I'm for an alternative approach. Allow side-loading in iOS, but only after turning on a "big red switch." This switch would, once turned on, send your serial number to Apple and void your warranty (unless, of course, you've paid for extra Applecare coverage). You could install any apps you want, but hopefully we could scare the people who shouldn't be side-loading away before they start causing problems. This has already been done with some HTC Android phones with their official boot loader unlocking tool. I think tha similar approach would be perfect here.

Reply Score: 2

RE: I ssee both sides of this
by _txf_ on Sat 9th Feb 2013 02:16 in reply to "I ssee both sides of this"
_txf_ Member since:
2008-03-17

The problem at the moment is that jailbreaking has become simple enough for anyone to do it, and so you do get a lot of people who are jailbreaking and really have no idea how to maintain their systems.

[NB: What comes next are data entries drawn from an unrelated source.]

From mathcomp Require Import all_boot all_order all_algebra.
From mathcomp Require Import boolp classical_sets reals.
From mathcomp Require Import zify lra.
Set Implicit Arguments. Unset Strict Implicit. Unset Printing Implicit Defensive.
Import Order.TTheory GRing.Theory Num.Theory.
Local Open Scope ring_scope.

(* Start from the box [a, b] given for the initial window and iterate
   (a, b) |-> (F_m^*(P_tau(a, b)), F_m^*(P^t_tau(a, b))).  Monotonicity of F_m^*
   makes the lower ends nondecreasing and the upper ends nonincreasing, and
   traps the j-th block of m + k terms of the solution in the j-th box.  By
   continuity the limits (L, U) satisfy L = F_m^*(P_tau(L, U)) and
   U = F_m^*(P^t_tau(L, U)); since there is no pseudo-fixed point, L = U, which
   is then the fixed point of F_m^*, i.e. xbar.  The solution is squeezed to it. *)

Section Convergence.
Variable R : realType.
Implicit Types (s a b z : nat -> R) (l M : R).

Lemma converges_to_unique s l l' : converges_to s l -> converges_to s l' -> l = l'.
Proof.
move=> sl sl'; apply/eqP; rewrite -subr_eq0 -normr_le0; apply/ler_addgt0Pr => e e0.
have e2 : 0 < e / 2 by lra.
have [N hN] := sl _ e2; have [N' hN'] := sl' _ e2.
have := hN _ (leq_maxl N N'); have := hN' _ (leq_maxr N N').
by rewrite add0r ler_norml !ltr_norml; lra.
Qed.

Lemma converges_to_succ s l : converges_to s l -> converges_to (fun n => s n.+1) l.
Proof. by move=> sl e /sl[N hN]; exists N => n Nn; apply/hN/leqW. Qed.

Lemma converges_to_ge s l M : (forall n, M <= s n) -> converges_to s l -> M <= l.
Proof.
move=> Ms sl; apply/ler_addgt0Pr => e e0; have [N hN] := sl e e0.
by have := hN N (leqnn N); have := Ms N; rewrite ltr_norml; lra.
Qed.

Lemma converges_to_opp s l : converges_to s l -> converges_to (fun n => - s n) (- l).
Proof.
by move=> sl e /sl[N hN]; exists N => n /hN; rewrite -opprD normrN.
Qed.

Lemma nondecreasing_converges_to s M :
  (forall n, s n <= s n.+1) -> (forall n, s n <= M) -> exists l, converges_to s l.
Proof.
move=> s_incr sM; have s_homo := homo_leq le_refl le_trans s_incr.
have hs : has_sup (range s) by split; [exists (s 0%N), 0%N | exists M => _ [n _ <-]].
exists (sup (range s)) => e e0; have [_ [N _ <-] hN] := sup_adherent e0 hs.
exists N => n Nn; have := sup_upper_bound hs (ex_intro2 _ _ n I erefl).
by have := s_homo _ _ Nn; rewrite ltr_norml; lra.
Qed.

Lemma nonincreasing_converges_to s M :
  (forall n, s n.+1 <= s n) -> (forall n, M <= s n) -> exists l, converges_to s l.
Proof.
move=> s_decr Ms.
have [l hl] : exists l, converges_to (fun n => - s n) l.
  by apply: (@nondecreasing_converges_to _ (- M)) => n; rewrite lerN2.
by exists (- l) => e /(converges_to_opp hl)[N hN]; exists N => n /hN; rewrite opprK.
Qed.

Lemma converges_to_squeeze (f : nat -> nat) a b z l :
  (forall j n, (f j <= n)%N -> a j <= z n <= b j) ->
  converges_to a l -> converges_to b l -> converges_to z l.
Proof.
move=> abz al bl e e0; have [Na hNa] := al e e0; have [Nb hNb] := bl e e0.
exists (f (maxn Na Nb)) => n /abz/andP[h1 h2].
have := hNa _ (leq_maxl Na Nb); have := hNb _ (leq_maxr Na Nb).
by rewrite !ltr_norml; lra.
Qed.

Lemma converges_to_continuous_on_V nonneg n (G : ('I_n -> R) -> R)
    (u : nat -> 'I_n -> R) (v : 'I_n -> R) :
  continuous_on_V nonneg G -> (forall j i, inV nonneg (u j i)) ->
  (forall i, inV nonneg (v i)) -> (forall i, converges_to (u^~ i) (v i)) ->
  converges_to (fun j => G (u j)) (G v).
Proof.
move=> Gc uV vV uv e e0; have [d d0 Gd] := Gc v vV e e0.
have [N hN] := fin_all_exists (fun i => uv i d d0).
exists (\max_i N i) => j Nj; apply: Gd => // i.
by apply: hN; exact: leq_trans (leq_bigmax i) Nj.
Qed.

End Convergence.

Lemma inV_le (R : realType) nonneg (a b : R) : inV nonneg a -> a <= b -> inV nonneg b.
Proof. by case: nonneg => //= a0; apply: le_trans. Qed.

Section TypedOrder.
Variables (R : realType) (nonneg : bool) (n : nat) (tau : 'I_n -> bool).

Lemma P_tau_inV (a b : R) :
  inV nonneg a -> inV nonneg b -> forall i, inV nonneg (P_tau tau a b i).
Proof. by move=> aV bV i; rewrite /P_tau; case: (tau i). Qed.

Lemma le_tau_P_tau (a b a' b' : R) :
  a <= a' -> b' <= b -> le_tau tau (P_tau tau a b) (P_tau tau a' b').
Proof. by move=> aa' b'b i; rewrite /P_tau; case: (tau i). Qed.

Lemma le_tau_box (a b : R) X :
  (forall i, a <= X i <= b) <->
  le_tau tau (P_tau tau a b) X /\ le_tau tau X (Pt_tau tau a b).
Proof.
rewrite /Pt_tau /P_tau; split=> [abX | [aX Xb] i].
  by split=> i; have /andP[aX Xb] := abX i; case: (tau i).
by move: (aX i) (Xb i); case: (tau i) => /= -> ->.
Qed.

Lemma converges_to_P_tau (a b : nat -> R) l l' :
  converges_to a l -> converges_to b l' ->
  forall i, converges_to (fun j => P_tau tau (a j) (b j) i) (P_tau tau l l' i).
Proof. by move=> al bl' i; rewrite /P_tau; case: (tau i). Qed.

Definition monotone_le_tau (G : ('I_n -> R) -> R) : Prop :=
  forall U W, (forall i, inV nonneg (U i)) -> (forall i, inV nonneg (W i)) ->
    le_tau tau U W -> G U <= G W.

Lemma monotone_le_tau_of_args (G : ('I_n -> R) -> R) :
  (forall i, monotone_in_arg nonneg G i (tau i)) -> monotone_le_tau G.
Proof.
move=> Gmono U W UV WV UW.
(* Move from U to W one coordinate at a time. *)
pose H t (i : 'I_n) : R := if (i < t)%N then W i else U i.
have HV t i : inV nonneg (H t i) by rewrite /H; case: ifP.
suff H_incr t : G (H t) <= G (H t.+1).
  have -> : U = H 0%N by apply: funext.
  have -> : W = H n by apply: funext => i; rewrite /H ltn_ord.
  exact: (homo_leq le_refl le_trans H_incr (leq0n n)).
case: (ltnP t n) => [tn | nt]; last first.
  suff -> : H t = H t.+1 by [].
  apply: funext => i; rewrite /H.
  by rewrite (leq_trans (ltn_ord i) nt) (leq_trans (ltn_ord i) (leqW nt)).
pose t' := Ordinal tn.
have H_off i : i != t' -> H t i = H t.+1 i.
  move=> it; have itn : (i != t :> nat) by apply: contra it => /eqP it; apply/eqP/val_inj.
  by rewrite /H ltnS (leq_eqVlt i) (negbTE itn).
have Ht : H t t' = U t' by rewrite /H ltnn.
have Ht1 : H t.+1 t' = W t' by rewrite /H ltnSn.
have := UW t'; case tau_t: (tau t') => UWt.
  by have := Gmono t' _ _ (HV t) (HV t.+1) H_off; rewrite Ht Ht1 tau_t; apply.
have H_off' i : i != t' -> H t.+1 i = H t i by move/H_off.
by have := Gmono t' _ _ (HV t.+1) (HV t) H_off'; rewrite Ht Ht1 tau_t; apply.
Qed.

End TypedOrder.

(* [window K z n] is the stretch z (n + K - 1), ..., z n, most recent term first. *)
Definition window (T : Type) (K : nat) (z : nat -> T) (n : nat) : 'I_K -> T :=
  fun i => z (n + K - 1 - i)%N.
Arguments window {T} K z n.

Section IteratedMap.
Variables (R : realType) (nonneg : bool) (k : nat) (F0 : ('I_k -> R) -> R).
Hypothesis F0_inV : forall u, (forall j, inV nonneg (u j)) -> inV nonneg (F0 u).
Implicit Type u : 'I_k -> R.

Lemma shiftcons_succ (a : R) u j (jk : (j.+1 < k)%N) :
  shiftcons a u (Ordinal jk) = u (Ordinal (ltnW jk)).
Proof. by rewrite /shiftcons /= /ext (insubT (fun i => i < k)%N (ltnW jk)). Qed.

Lemma shiftcons_inV (a : R) u :
  inV nonneg a -> (forall j, inV nonneg (u j)) -> forall j, inV nonneg (shiftcons a u j).
Proof. by move=> aV uV [[|j] jk] //; rewrite shiftcons_succ. Qed.

Lemma Fm_inV m u : (forall j, inV nonneg (u j)) -> inV nonneg (Fm F0 m u).
Proof.
elim: m u => [|m IHm] u uV /=; first exact: F0_inV.
by apply: IHm; apply: shiftcons_inV => //; apply: F0_inV.
Qed.

Lemma Fstar_inV m (u : 'I_(m + k) -> R) :
  (forall j, inV nonneg (u j)) -> inV nonneg (Fstar F0 u).
Proof. by move=> uV; apply: Fm_inV. Qed.

Lemma Fm_fixed (z : R) : F0 (fun=> z) = z -> forall m, Fm F0 m (fun=> z) = z.
Proof.
move=> F0z; elim=> [|m IHm] //=; rewrite F0z -[RHS]IHm; congr (Fm F0 m _).
by apply: funext => -[[|j] jk] //; rewrite shiftcons_succ.
Qed.

Lemma Fm_continuous m :
  continuous_on_V nonneg F0 -> continuous_on_V nonneg (Fm F0 m).
Proof.
move=> F0c; elim: m => [|m IHm] //= u uV e e0.
have [d1 d1_0 hd1] := IHm _ (shiftcons_inV (F0_inV uV) uV) e e0.
have [d2 d2_0 hd2] := F0c u uV d1 d1_0.
exists (Num.min d1 d2) => [|v vV vu]; first by rewrite lt_min d1_0.
have vu1 i : `|v i - u i| < d1 by have := vu i; rewrite lt_min => /andP[].
have vu2 i : `|v i - u i| < d2 by have := vu i; rewrite lt_min => /andP[].
apply: hd1 => [|[[|j] jk]]; first exact: shiftcons_inV (F0_inV vV) vV.
  exact: hd2.
by rewrite !shiftcons_succ.
Qed.

Lemma Fstar_continuous m :
  continuous_on_V nonneg F0 -> continuous_on_V nonneg (@Fstar R k F0 m).
Proof.
move=> F0c u uV e e0.
have [d d0 hd] := Fm_continuous m F0c (fun i => uV (rshift m i)) e0.
by exists d => // v vV vu; apply: hd.
Qed.

(* F_m^* ignores its first m arguments, so any type may be assigned to them. *)
Lemma Fstar_monotone_in_head_arg m (i : 'I_(m + k)) (incr : bool) :
  (i < m)%N -> monotone_in_arg nonneg (@Fstar R k F0 m) i incr.
Proof.
move=> im u v _ _ uv _.
have -> : Fstar F0 u = Fstar F0 v; last by case: incr.
congr (Fm F0 m _); apply: funext => j; apply: uv.
by apply: contraTneq im => <-; rewrite -leqNgt leq_addr.
Qed.

Lemma Fstar_monotone_le_tau m (tau : 'I_(m + k) -> bool) :
  (forall i : 'I_(m + k), (m <= i)%N -> monotone_in_arg nonneg (@Fstar R k F0 m) i (tau i)) ->
  monotone_le_tau nonneg tau (@Fstar R k F0 m).
Proof.
move=> Fstar_mono; apply: monotone_le_tau_of_args => i.
by case: (leqP m i) => [/Fstar_mono | /Fstar_monotone_in_head_arg].
Qed.

Variable x : nat -> R.
Hypothesis x_solution : is_solution nonneg F0 x.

Part of the problem is that apple opted for the easy way of doing security, effectively shunting those that desire choice to having no security and no education about security. Say what you will about laissez-faire on Android but at least the permissions view builds awareness of potential security issues that could arise.

MS learned to do security the "proper way" with windows (not metro/8 which is essentially a devolution).

Reply Parent Score: 3

darknexus Member since:
2008-07-15

Part of the problem is that apple opted for the easy way of doing security, effectively shunting those that desire choice to having no security and no education about security. Say what you will about laissez-faire on Android but at least the permissions view builds awareness of potential security issues that could arise.

Only if one reads them and only, in the case of side-loaded apk files, if the permissions in the package metadata are correct. Most pirated apks, from what I've seen, conveniently leave out a lot of the more suspicious permissions or omit them entirely. That's usually when someone asks me to help with their phone and it's like tech supporting an older Windows pc. Neither Android nor iOS have real security as part of the os.

Reply Parent Score: 1

WereCatf Member since:
2006-02-15

Say what you will about laissez-faire on Android but at least the permissions view builds awareness of potential security issues that could arise.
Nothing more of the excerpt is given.